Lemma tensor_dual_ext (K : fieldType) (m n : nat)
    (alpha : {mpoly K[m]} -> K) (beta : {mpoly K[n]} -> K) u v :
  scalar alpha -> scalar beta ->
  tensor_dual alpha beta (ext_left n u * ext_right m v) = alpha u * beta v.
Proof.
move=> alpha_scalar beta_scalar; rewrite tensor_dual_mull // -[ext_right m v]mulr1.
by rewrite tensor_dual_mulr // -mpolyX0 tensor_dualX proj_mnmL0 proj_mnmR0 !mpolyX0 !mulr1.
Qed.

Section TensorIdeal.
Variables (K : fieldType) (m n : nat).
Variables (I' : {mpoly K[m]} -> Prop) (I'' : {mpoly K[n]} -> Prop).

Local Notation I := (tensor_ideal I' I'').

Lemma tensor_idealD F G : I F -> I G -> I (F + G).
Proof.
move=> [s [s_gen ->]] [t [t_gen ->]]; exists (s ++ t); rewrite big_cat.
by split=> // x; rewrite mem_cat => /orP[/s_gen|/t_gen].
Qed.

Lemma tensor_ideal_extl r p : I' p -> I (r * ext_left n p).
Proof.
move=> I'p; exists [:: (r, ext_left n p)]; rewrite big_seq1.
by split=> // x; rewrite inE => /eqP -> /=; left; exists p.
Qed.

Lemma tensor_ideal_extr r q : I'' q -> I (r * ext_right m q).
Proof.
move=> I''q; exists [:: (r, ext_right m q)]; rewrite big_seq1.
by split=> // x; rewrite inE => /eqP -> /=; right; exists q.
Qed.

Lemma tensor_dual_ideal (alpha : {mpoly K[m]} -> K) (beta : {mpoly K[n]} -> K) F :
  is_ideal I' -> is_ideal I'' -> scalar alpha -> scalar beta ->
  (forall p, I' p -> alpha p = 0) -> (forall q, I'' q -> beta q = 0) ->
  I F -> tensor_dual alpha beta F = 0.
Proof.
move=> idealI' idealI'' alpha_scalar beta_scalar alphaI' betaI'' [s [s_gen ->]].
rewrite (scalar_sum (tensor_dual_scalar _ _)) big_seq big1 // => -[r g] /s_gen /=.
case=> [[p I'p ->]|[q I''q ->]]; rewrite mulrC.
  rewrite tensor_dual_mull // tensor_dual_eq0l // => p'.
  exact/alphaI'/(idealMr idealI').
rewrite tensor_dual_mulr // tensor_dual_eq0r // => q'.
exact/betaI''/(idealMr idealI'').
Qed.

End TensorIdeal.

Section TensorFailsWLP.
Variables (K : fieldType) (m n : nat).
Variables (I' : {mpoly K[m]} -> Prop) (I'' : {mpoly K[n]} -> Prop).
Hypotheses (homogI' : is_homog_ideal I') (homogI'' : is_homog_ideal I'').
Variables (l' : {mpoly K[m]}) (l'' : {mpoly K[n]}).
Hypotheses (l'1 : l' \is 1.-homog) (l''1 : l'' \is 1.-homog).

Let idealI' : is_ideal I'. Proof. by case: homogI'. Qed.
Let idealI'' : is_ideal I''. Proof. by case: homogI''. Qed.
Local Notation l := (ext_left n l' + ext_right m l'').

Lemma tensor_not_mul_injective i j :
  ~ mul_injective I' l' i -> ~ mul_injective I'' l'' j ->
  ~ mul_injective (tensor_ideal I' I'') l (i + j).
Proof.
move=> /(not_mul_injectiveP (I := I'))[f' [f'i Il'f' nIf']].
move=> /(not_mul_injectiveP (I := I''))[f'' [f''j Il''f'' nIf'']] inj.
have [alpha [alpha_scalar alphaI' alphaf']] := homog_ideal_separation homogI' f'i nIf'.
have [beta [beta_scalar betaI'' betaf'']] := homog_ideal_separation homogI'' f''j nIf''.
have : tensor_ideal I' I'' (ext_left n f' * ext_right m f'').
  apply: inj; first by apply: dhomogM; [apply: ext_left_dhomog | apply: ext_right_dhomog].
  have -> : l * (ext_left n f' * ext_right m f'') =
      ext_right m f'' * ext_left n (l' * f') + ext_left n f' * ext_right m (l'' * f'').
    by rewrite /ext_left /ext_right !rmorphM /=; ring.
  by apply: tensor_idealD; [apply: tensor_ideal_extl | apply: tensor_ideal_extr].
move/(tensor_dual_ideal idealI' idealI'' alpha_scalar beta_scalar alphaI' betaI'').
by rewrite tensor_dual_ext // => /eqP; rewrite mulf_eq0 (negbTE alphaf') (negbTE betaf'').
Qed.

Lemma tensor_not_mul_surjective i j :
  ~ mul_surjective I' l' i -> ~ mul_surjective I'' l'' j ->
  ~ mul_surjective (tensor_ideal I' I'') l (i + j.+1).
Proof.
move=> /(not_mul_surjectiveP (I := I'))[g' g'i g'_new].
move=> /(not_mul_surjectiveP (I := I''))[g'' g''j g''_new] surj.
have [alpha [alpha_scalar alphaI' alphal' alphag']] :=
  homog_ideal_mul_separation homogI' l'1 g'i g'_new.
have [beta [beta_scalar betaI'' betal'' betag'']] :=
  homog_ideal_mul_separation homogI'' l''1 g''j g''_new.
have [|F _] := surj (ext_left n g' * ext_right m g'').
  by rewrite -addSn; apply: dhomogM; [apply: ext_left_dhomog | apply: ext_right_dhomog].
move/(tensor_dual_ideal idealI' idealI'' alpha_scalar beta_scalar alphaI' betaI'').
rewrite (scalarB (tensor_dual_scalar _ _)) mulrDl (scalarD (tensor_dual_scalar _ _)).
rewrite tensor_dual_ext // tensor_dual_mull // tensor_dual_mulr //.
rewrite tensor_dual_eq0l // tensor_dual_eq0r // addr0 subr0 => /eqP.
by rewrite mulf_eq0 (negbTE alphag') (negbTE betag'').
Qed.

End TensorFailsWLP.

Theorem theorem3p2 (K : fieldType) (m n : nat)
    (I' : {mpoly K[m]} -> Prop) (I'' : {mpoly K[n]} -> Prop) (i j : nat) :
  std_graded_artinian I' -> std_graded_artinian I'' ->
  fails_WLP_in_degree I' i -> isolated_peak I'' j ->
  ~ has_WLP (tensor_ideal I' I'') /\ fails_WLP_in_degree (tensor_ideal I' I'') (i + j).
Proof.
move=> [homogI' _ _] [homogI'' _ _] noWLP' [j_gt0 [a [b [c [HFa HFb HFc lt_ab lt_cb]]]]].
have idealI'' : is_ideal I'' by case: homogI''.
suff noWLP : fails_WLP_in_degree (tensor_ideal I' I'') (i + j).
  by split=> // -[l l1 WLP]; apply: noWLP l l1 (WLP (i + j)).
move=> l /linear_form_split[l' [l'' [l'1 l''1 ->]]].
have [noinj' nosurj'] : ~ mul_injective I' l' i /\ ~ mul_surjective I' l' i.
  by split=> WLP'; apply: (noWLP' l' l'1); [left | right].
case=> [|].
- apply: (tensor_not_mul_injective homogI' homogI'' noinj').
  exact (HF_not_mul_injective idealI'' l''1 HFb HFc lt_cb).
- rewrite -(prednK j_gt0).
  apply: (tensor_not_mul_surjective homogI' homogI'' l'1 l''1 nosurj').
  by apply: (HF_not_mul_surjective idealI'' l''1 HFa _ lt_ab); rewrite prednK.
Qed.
★ ★ ★ ★ ★ ★ ★
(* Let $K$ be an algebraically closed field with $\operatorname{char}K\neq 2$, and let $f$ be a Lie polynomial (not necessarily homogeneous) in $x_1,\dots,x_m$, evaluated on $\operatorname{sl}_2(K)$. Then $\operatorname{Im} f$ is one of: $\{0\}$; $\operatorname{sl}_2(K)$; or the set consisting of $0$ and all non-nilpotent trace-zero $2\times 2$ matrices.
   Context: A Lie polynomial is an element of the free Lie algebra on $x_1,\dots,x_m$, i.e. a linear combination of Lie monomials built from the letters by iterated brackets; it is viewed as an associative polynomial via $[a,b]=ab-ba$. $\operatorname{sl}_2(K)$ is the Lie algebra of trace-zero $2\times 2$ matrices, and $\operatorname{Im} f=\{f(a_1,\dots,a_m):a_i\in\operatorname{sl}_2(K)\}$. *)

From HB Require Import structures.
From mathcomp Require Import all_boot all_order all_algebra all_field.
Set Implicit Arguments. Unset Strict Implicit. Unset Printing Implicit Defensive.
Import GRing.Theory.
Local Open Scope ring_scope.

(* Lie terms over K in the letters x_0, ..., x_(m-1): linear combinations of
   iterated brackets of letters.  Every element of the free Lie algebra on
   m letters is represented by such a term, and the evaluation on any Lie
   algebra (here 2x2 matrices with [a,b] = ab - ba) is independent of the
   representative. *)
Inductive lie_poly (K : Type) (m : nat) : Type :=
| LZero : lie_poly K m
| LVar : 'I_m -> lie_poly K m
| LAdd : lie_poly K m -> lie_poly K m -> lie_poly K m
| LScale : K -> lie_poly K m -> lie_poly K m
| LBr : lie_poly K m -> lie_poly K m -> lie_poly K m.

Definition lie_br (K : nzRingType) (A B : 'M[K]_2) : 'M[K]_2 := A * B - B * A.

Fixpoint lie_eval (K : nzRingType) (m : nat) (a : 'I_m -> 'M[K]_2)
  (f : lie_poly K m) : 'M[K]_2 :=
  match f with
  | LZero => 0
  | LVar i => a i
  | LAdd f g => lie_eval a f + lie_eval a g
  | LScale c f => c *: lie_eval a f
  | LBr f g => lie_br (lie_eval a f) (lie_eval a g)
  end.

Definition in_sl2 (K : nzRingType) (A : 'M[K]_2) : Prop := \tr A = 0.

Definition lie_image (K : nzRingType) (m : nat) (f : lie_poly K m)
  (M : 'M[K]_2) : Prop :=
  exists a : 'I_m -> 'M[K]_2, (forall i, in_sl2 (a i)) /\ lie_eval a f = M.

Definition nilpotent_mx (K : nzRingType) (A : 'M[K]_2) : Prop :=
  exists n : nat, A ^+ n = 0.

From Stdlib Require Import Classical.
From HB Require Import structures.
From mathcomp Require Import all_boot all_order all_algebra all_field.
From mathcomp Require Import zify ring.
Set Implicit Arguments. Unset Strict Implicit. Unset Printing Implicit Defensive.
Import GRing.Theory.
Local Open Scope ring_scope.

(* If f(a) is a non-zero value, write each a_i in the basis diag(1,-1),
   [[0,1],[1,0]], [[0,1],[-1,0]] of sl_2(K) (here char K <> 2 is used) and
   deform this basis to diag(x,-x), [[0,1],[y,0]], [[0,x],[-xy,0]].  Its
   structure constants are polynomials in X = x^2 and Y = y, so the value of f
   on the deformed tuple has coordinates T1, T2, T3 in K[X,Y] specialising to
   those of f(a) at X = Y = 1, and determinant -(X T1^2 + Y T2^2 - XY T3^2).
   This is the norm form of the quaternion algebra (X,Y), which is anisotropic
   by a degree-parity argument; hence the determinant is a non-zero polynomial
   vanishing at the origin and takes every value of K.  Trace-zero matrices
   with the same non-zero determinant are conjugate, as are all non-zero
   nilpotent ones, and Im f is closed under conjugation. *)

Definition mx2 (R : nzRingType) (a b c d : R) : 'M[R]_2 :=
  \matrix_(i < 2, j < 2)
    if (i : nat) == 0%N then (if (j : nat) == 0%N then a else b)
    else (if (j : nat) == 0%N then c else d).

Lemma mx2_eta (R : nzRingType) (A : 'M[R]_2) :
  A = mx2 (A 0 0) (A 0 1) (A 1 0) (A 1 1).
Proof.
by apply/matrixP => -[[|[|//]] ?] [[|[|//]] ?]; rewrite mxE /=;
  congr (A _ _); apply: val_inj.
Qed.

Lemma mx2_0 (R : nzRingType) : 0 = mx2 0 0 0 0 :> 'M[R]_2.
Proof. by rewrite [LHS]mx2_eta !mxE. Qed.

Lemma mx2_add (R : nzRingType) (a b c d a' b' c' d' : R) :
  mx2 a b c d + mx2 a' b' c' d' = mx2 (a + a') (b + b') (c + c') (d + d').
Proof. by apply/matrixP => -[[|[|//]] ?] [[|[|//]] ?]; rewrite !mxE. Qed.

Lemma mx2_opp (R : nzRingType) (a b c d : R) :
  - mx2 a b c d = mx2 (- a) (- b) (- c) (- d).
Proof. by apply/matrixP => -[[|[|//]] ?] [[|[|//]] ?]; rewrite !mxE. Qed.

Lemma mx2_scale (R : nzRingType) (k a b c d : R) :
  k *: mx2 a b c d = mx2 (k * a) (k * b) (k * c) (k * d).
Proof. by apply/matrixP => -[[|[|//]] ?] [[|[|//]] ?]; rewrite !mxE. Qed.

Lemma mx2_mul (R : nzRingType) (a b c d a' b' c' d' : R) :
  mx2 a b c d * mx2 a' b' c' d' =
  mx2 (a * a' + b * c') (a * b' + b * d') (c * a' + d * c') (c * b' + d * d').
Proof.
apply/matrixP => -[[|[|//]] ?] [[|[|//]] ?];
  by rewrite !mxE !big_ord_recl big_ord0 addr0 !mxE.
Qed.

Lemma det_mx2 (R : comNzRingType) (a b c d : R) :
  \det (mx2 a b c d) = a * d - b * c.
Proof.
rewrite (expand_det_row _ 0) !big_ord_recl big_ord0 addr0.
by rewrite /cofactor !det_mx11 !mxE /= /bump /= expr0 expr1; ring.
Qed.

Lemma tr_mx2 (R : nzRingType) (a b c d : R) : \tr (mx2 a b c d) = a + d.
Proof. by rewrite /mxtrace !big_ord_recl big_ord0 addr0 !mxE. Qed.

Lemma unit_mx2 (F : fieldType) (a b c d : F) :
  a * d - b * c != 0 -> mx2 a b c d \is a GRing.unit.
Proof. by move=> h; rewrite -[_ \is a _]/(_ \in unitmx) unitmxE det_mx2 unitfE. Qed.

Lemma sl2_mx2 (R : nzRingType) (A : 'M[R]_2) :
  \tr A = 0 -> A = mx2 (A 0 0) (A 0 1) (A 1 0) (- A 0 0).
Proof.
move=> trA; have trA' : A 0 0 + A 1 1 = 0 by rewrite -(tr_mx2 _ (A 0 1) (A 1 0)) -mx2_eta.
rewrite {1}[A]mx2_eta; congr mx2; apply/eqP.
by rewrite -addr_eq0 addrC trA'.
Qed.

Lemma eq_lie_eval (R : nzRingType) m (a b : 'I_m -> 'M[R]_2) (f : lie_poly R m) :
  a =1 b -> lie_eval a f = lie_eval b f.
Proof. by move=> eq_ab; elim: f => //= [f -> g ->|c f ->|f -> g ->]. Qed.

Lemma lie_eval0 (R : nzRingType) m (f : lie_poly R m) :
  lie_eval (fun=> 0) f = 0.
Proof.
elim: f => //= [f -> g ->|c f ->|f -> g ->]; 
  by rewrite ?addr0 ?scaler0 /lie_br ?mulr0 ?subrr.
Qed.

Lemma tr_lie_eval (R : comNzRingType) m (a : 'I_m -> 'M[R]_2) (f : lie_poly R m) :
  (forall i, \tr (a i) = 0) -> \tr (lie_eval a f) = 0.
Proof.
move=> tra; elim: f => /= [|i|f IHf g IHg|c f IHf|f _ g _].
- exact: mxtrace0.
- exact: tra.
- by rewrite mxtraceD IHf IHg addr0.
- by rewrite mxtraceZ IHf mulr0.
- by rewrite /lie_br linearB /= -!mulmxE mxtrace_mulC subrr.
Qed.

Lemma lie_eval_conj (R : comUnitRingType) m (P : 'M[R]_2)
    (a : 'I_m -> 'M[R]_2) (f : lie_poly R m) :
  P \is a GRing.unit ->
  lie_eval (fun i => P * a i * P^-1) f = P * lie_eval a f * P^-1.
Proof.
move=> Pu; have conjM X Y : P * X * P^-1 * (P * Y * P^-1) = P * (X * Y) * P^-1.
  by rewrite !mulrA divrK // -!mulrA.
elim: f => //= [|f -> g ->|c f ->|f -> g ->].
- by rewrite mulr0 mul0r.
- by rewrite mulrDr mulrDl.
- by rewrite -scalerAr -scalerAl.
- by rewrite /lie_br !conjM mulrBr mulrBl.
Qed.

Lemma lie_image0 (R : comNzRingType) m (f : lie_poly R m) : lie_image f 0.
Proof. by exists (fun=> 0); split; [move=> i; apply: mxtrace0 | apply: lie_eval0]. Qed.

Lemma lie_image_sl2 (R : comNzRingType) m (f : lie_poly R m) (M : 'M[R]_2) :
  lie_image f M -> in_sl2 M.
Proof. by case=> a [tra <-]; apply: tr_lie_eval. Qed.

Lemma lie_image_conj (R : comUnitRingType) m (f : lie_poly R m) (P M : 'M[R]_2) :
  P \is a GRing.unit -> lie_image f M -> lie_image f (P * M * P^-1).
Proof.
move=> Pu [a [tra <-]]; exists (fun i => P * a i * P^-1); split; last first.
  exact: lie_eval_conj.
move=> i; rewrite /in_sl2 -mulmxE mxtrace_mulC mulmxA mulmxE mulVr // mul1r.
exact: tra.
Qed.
★ ★ ★ ★ ★ ★ ★
* YOUR GOAL *
For the word "betaf", tally the lines above that hold it and answer with the number alone.

* REPLY *
2